For those in the know - the concept of "compersion" doesn't really kick in here. Im not sure if its this specific situation or not, but I am begining to realize that maybe I'm not cut out for Poly. At least not this way, and not with someone that I feel so much for. Not with someone that I have suuch a strong connection with, and over whom I feel increasingly protectively possessive.
The more our onnection grow, the closer we become, the more of herself that Sarah offers to me, the more confident and stronger I feel in our relationship. The more I see her as MINE.
I added some words to my profile last night:
A submissive craves to be held and protected, to be safe and happy, and to be in the arms of a man who puts her above all else. Where some women want companionship with their partners, or a relationship standing on equal ground with their lovers, a submissive wants just a bit more.
To feel deeply.
To love deeply, and be loved in return.
To know that she belonged - with every sense of the word - to one man, and that He belonged to her.

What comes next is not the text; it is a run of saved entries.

(* In a monotonous quiver, the property of a vertex of being phylogenetic is anti-hereditary: every ancestor of a phylogenetic vertex is phylogenetic.
   Context: A quiver consists of a class of vertices and, for each ordered pair of vertices $(A,B)$, a set of edges $A\to B$ (loops and multiple edges allowed). An evolution of length $m\ge 0$ is a sequence $A_0\leftarrow A_1\leftarrow\cdots\leftarrow A_m$ of vertices together with edges $A_k\to A_{k-1}$ ($1\le k\le m$); $A_0$ is its initial and $A_m$ its terminal vertex. Write $A\le B$ ($A$ is an ancestor of $B$) if there is an evolution with initial vertex $A$ and terminal vertex $B$; $A,B$ are isotypic ($A\sim B$) if $A\le B$ and $B\le A$. A vertex $A$ is primitive if every ancestor of $A$ is isotypic to $A$. A full evolution for $X$ is an evolution with primitive initial vertex and terminal vertex $X$. The height $h(X)$ is the smallest length of a full evolution for $X$ ($\infty$ if none). An evolution $\alpha=(A_0\leftarrow\cdots\leftarrow A_m)$ embeds in $\beta=(B_0\leftarrow\cdots\leftarrow B_n)$ if $m\le n$ and there are $0\le r_0<\cdots<r_m\le n$ with $A_k\sim B_{r_k}$. A universal evolution for $X$ is a full evolution for $X$ embedding in every full evolution for $X$; $X$ is phylogenetic if one exists. A quiver is monotonous if $h(A)\ge h(B)$ for every edge $A\to B$. *)

From Stdlib Require Import Arith.



(* A quiver: a type of vertices V and, for each ordered pair (A,B), a type
   E A B of edges A -> B (loops and multiple edges allowed). *)

(* An evolution of length m: vertices A_0, ..., A_m (given by [ev_vert k] for
   k <= m; values beyond m are irrelevant) with edges A_k -> A_{k-1},
   i.e. for k < m an edge A_{k+1} -> A_k. *)
Record evolution (V : Type) (E : V -> V -> Type) := Evolution {
  ev_len : nat;
  ev_vert : nat -> V;
  ev_edge : forall k, k < ev_len -> E (ev_vert (S k)) (ev_vert k)
}.

Arguments ev_len {V E}.
Arguments ev_vert {V E}.

Definition initial {V E} (a : evolution V E) : V := ev_vert a 0.
Definition terminal {V E} (a : evolution V E) : V := ev_vert a (ev_len a).

Definition ancestor {V} (E : V -> V -> Type) (A B : V) : Prop :=
  exists a : evolution V E, initial a = A /\ terminal a = B.

Definition isotypic {V} (E : V -> V -> Type) (A B : V) : Prop :=
  ancestor E A B /\ ancestor E B A.

Definition primitive {V} (E : V -> V -> Type) (A : V) : Prop :=
  forall B, ancestor E B A -> isotypic E B A.

Definition full_evolution {V} (E : V -> V -> Type) (X : V) (a : evolution V E) : Prop :=
  primitive E (initial a) /\ terminal a = X.

(* height: [is_height E X (Some n)] iff h(X) = n; [is_height E X None] iff h(X) = oo *)
Definition is_height {V} (E : V -> V -> Type) (X : V) (h : option nat) : Prop :=
  match h with
  | None => forall a : evolution V E, ~ full_evolution E X a
  | Some n =>
      (exists a : evolution V E, full_evolution E X a /\ ev_len a = n) /\
      (forall a : evolution V E, full_evolution E X a -> n <= ev_len a)
  end.

Definition le_inf (x y : option nat) : Prop :=
  match x, y with
  | _, None => True
  | None, Some _ => False
  | Some m, Some n => m <= n
  end.

Definition embeds {V} (E : V -> V -> Type) (a b : evolution V E) : Prop :=
  ev_len a <= ev_len b /\
  exists r : nat -> nat,
    (forall k, k < ev_len a -> r k < r (S k)) /\
    r (ev_len a) <= ev_len b /\
    (forall k, k <= ev_len a -> isotypic E (ev_vert a k) (ev_vert b (r k))).

Definition universal_evolution {V} (E : V -> V -> Type) (X : V) (a : evolution V E) : Prop :=
  full_evolution E X a /\ forall b : evolution V E, full_evolution E X b -> embeds E a b.

Definition phylogenetic {V} (E : V -> V -> Type) (X : V) : Prop :=
  exists a : evolution V E, universal_evolution E X a.

Definition monotonous {V} (E : V -> V -> Type) : Prop :=
  forall (A B : V) (e : E A B) (hA hB : option nat),
    is_height E A hA -> is_height E B hB -> le_inf hB hA.

From Stdlib Require Import Arith Lia Classical Wf_nat.

(* Let [m = h(A)] and let [d] be a full evolution of [A] of length [m].  Any
   full evolution [b] of [A], continued by an evolution from [A] to [X], is a
   full evolution of [X], so the universal evolution [al] of [X] embeds in it.
   For [k < m] the vertex [al_k] has height at most [k < h(A)], so by
   monotonicity it is not isotypic to any descendant of [A]: the first [m]
   indices of the embedding land inside [b].  Taking [b = d] forces the
   embedding to be the identity on [0, m), i.e. [al_k ~ d_k]; hence [d] embeds
   in every [b] and is universal for [A]. *)

Definition embedding {V} (E : V -> V -> Type) (a b : evolution V E) (r : nat -> nat) : Prop :=
  (forall k, k < ev_len a -> r k < r (S k)) /\
  r (ev_len a) <= ev_len b /\
  (forall k, k <= ev_len a -> isotypic E (ev_vert a k) (ev_vert b (r k))).

Lemma strictly_increasing_shift (r : nat -> nat) n :
  (forall k, k < n -> r k < r (S k)) ->
  forall i d, i + d <= n -> r i + d <= r (i + d).
Proof.
  intros Hr i d; induction d as [|d IH]; intros Hd.
  - rewrite !Nat.add_0_r; lia.
  - specialize (IH ltac:(lia)); specialize (Hr (i + d) ltac:(lia)).
    rewrite !Nat.add_succ_r; lia.
Qed.

Lemma strictly_increasing_bounded_id (r : nat -> nat) n m :
  (forall k, k < n -> r k < r (S k)) -> m <= n ->
  (forall k, k < m -> r k < m) -> forall k, k < m -> r k = k.
Proof.
  intros Hr Hmn Hbound k Hk.
  pose proof (strictly_increasing_shift r n Hr 0 k ltac:(lia)) as Hlow.
  pose proof (strictly_increasing_shift r n Hr k (m - 1 - k) ltac:(lia)) as Hhigh.
  replace (k + (m - 1 - k)) with (m - 1) in Hhigh by lia.
  pose proof (Hbound (m - 1) ltac:(lia)); simpl in Hlow; lia.
Qed.

Lemma le_inf_trans x y z : le_inf x y -> le_inf y z -> le_inf x z.
Proof. destruct x, y, z; simpl; tauto || lia. Qed.

Section Evolutions.
Context {V : Type} {E : V -> V -> Type}.

Definition concat_vert (a b : evolution V E) (k : nat) : V :=
  if k <? ev_len a then ev_vert a k else ev_vert b (k - ev_len a).

Definition concat (a b : evolution V E) (H : terminal a = initial b) : evolution V E.
Proof.
  refine (Evolution V E (ev_len a + ev_len b) (concat_vert a b) _).
  intros k Hk; unfold concat_vert.
  destruct (Nat.ltb_spec0 (S k) (ev_len a)); destruct (Nat.ltb_spec0 k (ev_len a)).
  - exact (ev_edge V E a k ltac:(lia)).
  - exfalso; lia.
  - assert (Hjoin : ev_vert b (S k - ev_len a) = ev_vert a (S k)).
    { replace (S k - ev_len a) with 0 by lia; replace (S k) with (ev_len a) by lia.
      symmetry; exact H. }
    rewrite Hjoin; exact (ev_edge V E a k ltac:(lia)).
  - replace (S k - ev_len a) with (S (k - ev_len a)) by lia.
    exact (ev_edge V E b (k - ev_len a) ltac:(lia)).
Defined.

Lemma concat_len a b H : ev_len (concat a b H) = ev_len a + ev_len b.
Proof. reflexivity. Qed.

Lemma concat_vert_l a b H k : k <= ev_len a -> ev_vert (concat a b H) k = ev_vert a k.
Proof.
  intros Hk; simpl; unfold concat_vert.
  destruct (Nat.ltb_spec k (ev_len a)); [reflexivity|].
  replace k with (ev_len a) by lia; rewrite Nat.sub_diag; symmetry; exact H.
Qed.

Lemma concat_vert_r a b H i : ev_vert (concat a b H) (ev_len a + i) = ev_vert b i.
Proof.
  simpl; unfold concat_vert.
  destruct (Nat.ltb_spec (ev_len a + i) (ev_len a)); [lia|].
  f_equal; lia.
Qed.

Definition prefix (a : evolution V E) n (H : n <= ev_len a) : evolution V E :=
  Evolution V E n (ev_vert a) (fun k Hk => ev_edge V E a k (Nat.lt_le_trans _ _ _ Hk H)).

Definition trivial_evolution (A : V) : evolution V E :=
  Evolution V E 0 (fun _ => A) (fun k Hk => False_rect _ (Nat.nlt_0_r k Hk)).

Lemma ancestor_refl A : ancestor E A A.
Proof. exists (trivial_evolution A); split; reflexivity. Qed.

Lemma ancestor_trans A B C : ancestor E A B -> ancestor E B C -> ancestor E A C.
Proof.
  intros [a [Ha0 HaB]] [b [HbB HbC]].
  assert (H : terminal a = initial b) by congruence.
  exists (concat a b H); split.
  - unfold initial; rewrite concat_vert_l by lia; exact Ha0.
  - unfold terminal; rewrite concat_len, concat_vert_r; exact HbC.
Qed.

Lemma ancestor_initial_vert (a : evolution V E) k : k <= ev_len a -> ancestor E (initial a) (ev_vert a k).
Proof. intros Hk; exists (prefix a k Hk); split; reflexivity. Qed.

Lemma isotypic_refl A : isotypic E A A.
Proof. split; apply ancestor_refl. Qed.

Lemma isotypic_sym A B : isotypic E A B -> isotypic E B A.
Proof. intros [HAB HBA]; split; assumption. Qed.

Lemma isotypic_trans A B C : isotypic E A B -> isotypic E B C -> isotypic E A C.
Proof. intros [HAB HBA] [HBC HCB]; split; eapply ancestor_trans; eassumption. Qed.

Lemma full_evolution_prefix X (a : evolution V E) k (Hk : k <= ev_len a) :
  full_evolution E X a -> full_evolution E (ev_vert a k) (prefix a k Hk).
Proof. intros [Hprim _]; split; [exact Hprim | reflexivity]. Qed.

Lemma full_evolution_concat Y X b g (H : terminal b = initial g) :
  full_evolution E Y b -> terminal g = X -> full_evolution E X (concat b g H).
Proof.
  intros [Hprim _] HgX; split.
  - unfold initial; rewrite concat_vert_l by lia; exact Hprim.
  - unfold terminal; rewrite concat_len, concat_vert_r; exact HgX.
Qed.

Lemma ancestor_concat_tail b g (H : terminal b = initial g) j :
  ev_len b <= j -> j <= ev_len (concat b g H) ->
  ancestor E (initial g) (ev_vert (concat b g H) j).
Proof.
  intros Hj1 Hj2; rewrite concat_len in Hj2.
  replace j with (ev_len b + (j - ev_len b)) by lia.
  rewrite concat_vert_r; apply ancestor_initial_vert; lia.
Qed.

Lemma is_height_exists X : exists h, is_height E X h.
Proof.
  destruct (classic (exists a, full_evolution E X a)) as [[a Ha] | Hnone].
  - pose (P n := exists a, full_evolution E X a /\ ev_len a = n).
    destruct (dec_inh_nat_subset_has_unique_least_element P (fun n => classic (P n)))
      as [m [[[b Hb] Hmin] _]]; [exists (ev_len a), a; auto|].
    exists (Some m); split; [exists b; exact Hb|].
    intros c Hc; apply Hmin; exists c; auto.
  - exists None; intros a Ha; apply Hnone; exists a; exact Ha.
Qed.

Lemma is_height_le_full X h (a : evolution V E) : is_height E X h -> full_evolution E X a -> le_inf h (Some (ev_len a)).
Proof. destruct h as [n|]; simpl; [intros [_ Hmin]; apply Hmin | intros Hnone Ha; exact (Hnone a Ha)]. Qed.

Lemma is_height_le X h1 h2 : is_height E X h1 -> is_height E X h2 -> le_inf h1 h2.
Proof.
  intros H1 H2; destruct h2 as [n|]; [|destruct h1; exact I].
  destruct H2 as [[a [Ha <-]] _]; exact (is_height_le_full X h1 a H1 Ha).
Qed.

Section Monotonous.
Hypothesis Hmono : monotonous E.

Lemma is_height_ancestor_le Y X hY hX :
  ancestor E Y X -> is_height E Y hY -> is_height E X hX -> le_inf hY hX.
Proof.
  intros [g [Hg0 HgX]] HY HX.
  assert (Halong : forall k, k <= ev_len g -> forall h, is_height E (ev_vert g k) h -> le_inf hY h).
  { induction k as [|k IH]; intros Hk h Hh.
    - apply (is_height_le Y); [exact HY | rewrite <- Hg0; exact Hh].
    - destruct (is_height_exists (ev_vert g k)) as [h' Hh'].
      apply le_inf_trans with h'; [apply IH; [lia | exact Hh'] |].
      exact (Hmono _ _ (ev_edge V E g k ltac:(lia)) h h' Hh Hh'). }
  apply (Halong (ev_len g) (le_n _)); rewrite <- HgX in HX; exact HX.
Qed.

Lemma height_le_of_ancestor_vertex X a k A m :
  full_evolution E X a -> k <= ev_len a ->
  is_height E A (Some m) -> ancestor E A (ev_vert a k) -> m <= k.
Proof.
  intros Ha Hk HA HAk.
  destruct (is_height_exists (ev_vert a k)) as [h Hh].
  pose proof (is_height_le_full _ h _ Hh (full_evolution_prefix X a k Hk Ha)) as Hhk.
  pose proof (is_height_ancestor_le A _ _ h HAk HA Hh) as Hmh.
  exact (le_inf_trans (Some m) h (Some k) Hmh Hhk).
Qed.

Lemma embedding_index_lt X a c r A m p :
  full_evolution E X a -> embedding E a c r -> is_height E A (Some m) ->
  (forall j, p <= j -> j <= ev_len c -> ancestor E A (ev_vert c j)) ->
  forall k, k < m -> k <= ev_len a -> r k < p.
Proof.
  intros Ha [Hr [Hlast Hiso]] HA Htail k Hkm Hk.
  destruct (Nat.lt_ge_cases (r k) p) as [Hlt | Hge]; [exact Hlt | exfalso].
  pose proof (strictly_increasing_shift r (ev_len a) Hr k (ev_len a - k) ltac:(lia)).
  replace (k + (ev_len a - k)) with (ev_len a) in * by lia.
  assert (HAk : ancestor E A (ev_vert a k)).
  { apply ancestor_trans with (ev_vert c (r k)); [apply Htail; lia | apply (Hiso k Hk)]. }
  pose proof (height_le_of_ancestor_vertex X a k A m Ha Hk HA HAk); lia.
Qed.

Lemma universal_embeds_head X A (al g : evolution V E) m :
  universal_evolution E X al -> initial g = A -> terminal g = X ->
  is_height E A (Some m) -> m <= ev_len al ->
  forall b, full_evolution E A b ->
  exists r, (forall k, k < ev_len al -> r k < r (S k)) /\
    forall k, k < m -> r k < ev_len b /\ isotypic E (ev_vert al k) (ev_vert b (r k)).
Proof.
  intros [Hal Huniv] Hg0 HgX HA HmN b Hb.
  assert (Hbg : terminal b = initial g) by (destruct Hb; congruence).
  destruct (Huniv _ (full_evolution_concat A X b g Hbg Hb HgX)) as [_ [r Hr]].
  assert (Hhead : forall k, k < m -> r k < ev_len b).
  { intros k Hk; apply (embedding_index_lt X al _ r A m _ Hal Hr HA); [|lia|lia].
    intros j Hj1 Hj2; rewrite <- Hg0; apply ancestor_concat_tail; assumption. }
  destruct Hr as [Hincr [_ Hiso]].
  exists r; split; [exact Hincr|].
  intros k Hk; split; [exact (Hhead k Hk)|].
  rewrite <- (concat_vert_l b g Hbg) by (pose proof (Hhead k Hk); lia).
  apply Hiso; lia.
Qed.

Lemma minimal_full_evolution_universal X A (al g d : evolution V E) m :
  universal_evolution E X al -> initial g = A -> terminal g = X ->
  is_height E A (Some m) -> full_evolution E A d -> ev_len d = m ->
  universal_evolution E A d.
Proof.
  intros Hal Hg0 HgX HA Hd Hdm.
  assert (HmN : m <= ev_len al).
  { destruct Hal as [[Hprim HalX] _].
    apply (height_le_of_ancestor_vertex X al (ev_len al) A m (conj Hprim HalX) (le_n _) HA).
    exists g; split; [exact Hg0 | rewrite HgX; symmetry; exact HalX]. }
  pose proof (universal_embeds_head X A al g m Hal Hg0 HgX HA HmN) as Hhead.
  split; [exact Hd|]; intros b Hb.
  destruct (Hhead d Hd) as [r' [Hr'incr Hr']].
  assert (Hdiag : forall k, k < m -> isotypic E (ev_vert al k) (ev_vert d k)).
  { assert (Hid : forall k, k < m -> r' k = k).
    { apply (strictly_increasing_bounded_id r' (ev_len al)); [exact Hr'incr | exact HmN |].
      intros k Hk; rewrite <- Hdm; apply Hr'; exact Hk. }
    intros k Hk; rewrite <- (Hid k Hk) at 2; apply Hr'; exact Hk. }
  destruct (Hhead b Hb) as [r [Hrincr Hr]].
  split; [rewrite Hdm; exact (is_height_le_full A _ b HA Hb)|].
  exists (fun k => if k <? m then r k else ev_len b); rewrite Hdm; split; [|split].
  - intros k Hk.
    destruct (Nat.ltb_spec k m); [|lia].
    destruct (Nat.ltb_spec (S k) m); [apply Hrincr; lia | apply Hr; exact Hk].
  - rewrite Nat.ltb_irrefl; reflexivity.
  - intros k Hk; destruct (Nat.ltb_spec k m).
    + apply isotypic_trans with (ev_vert al k); [apply isotypic_sym, Hdiag | apply Hr]; assumption.
    + replace k with m by lia; rewrite <- Hdm.
      destruct Hd as [_ HdA], Hb as [_ HbA].
      unfold terminal in HdA, HbA; rewrite HdA, HbA; apply isotypic_refl.
Qed.

End Monotonous.
End Evolutions.

Theorem corollary6p2 (V : Type) (E : V -> V -> Type) :
  monotonous E ->
  forall X A : V, phylogenetic E X -> ancestor E A X -> phylogenetic E A.
Proof.
  intros Hmono X A [al Hal] HAX.
  destruct (is_height_exists (E := E) X) as [hX HX].
  destruct (is_height_exists (E := E) A) as [[m|] HA].
  - destruct (proj1 HA) as [d [Hd Hdm]], HAX as [g [Hg0 HgX]].
    exists d; exact (minimal_full_evolution_universal Hmono X A al g d m Hal Hg0 HgX HA Hd Hdm).
  - exfalso.
    pose proof (is_height_le_full X hX al HX (proj1 Hal)) as HXfinite.
    pose proof (is_height_ancestor_le Hmono A X None hX HAX HA HX) as HXinfinite.
    destruct hX; assumption.
Qed.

I think that captures where my head is at right now, as far as Sarah's and My relationship goes.
When my eyes turn green because she is getting ready to carry through with a *date* with the 3rd in our connection - one she admittedly isn't comfortable going on - one in which I am nearly posiitive he's going to try to manipulate the situation to provoke something that he wants her to do for him.
The questions runing through my head echo my own insecurities, and that pisses me off too...
Why is she still going through with it?
If she does, will she really not do what he wants, as she promised? Will she stick to the commitment she made when faced with him being less than pleased with her?
Do I even have the right to be jealous?
Do I have the right to say anything about how I'm feeling?
Should I put my foot down and say NO, this isn't happening anymore?
What happens if I do that? If I force a choice? What is he going to do? What is she going to do? Most of all...my biggest concern, in any of this, and if I'm being completely honest, the ONE thing that is making me continue to *suck it up*, and that made me stay in this when I started feeling jealous over what happened on my birthday...
If it were just her and I...would I be enough? Would she resent me? Would she feel trapped and stifled and restricted, or would she thrive knowing she is loved and cherished as much as possible by one person? Seeing as how much she enjoys attention and flirtation and the like when we go out..I don't want to push her into anything she would regret later. I've told Sass time and time again - make your decsions for YOU. Stop and tae the time each little babystep of the way to do a complete 360 and make **** sure you want to be where you are and where you are going before you take another step. Don't rush. Don't make rash decisions. Take your time and KNOW what you want.
I suppose that's what I'm doing. Well, no - I know what I want. I just don't know if I should or even could have it.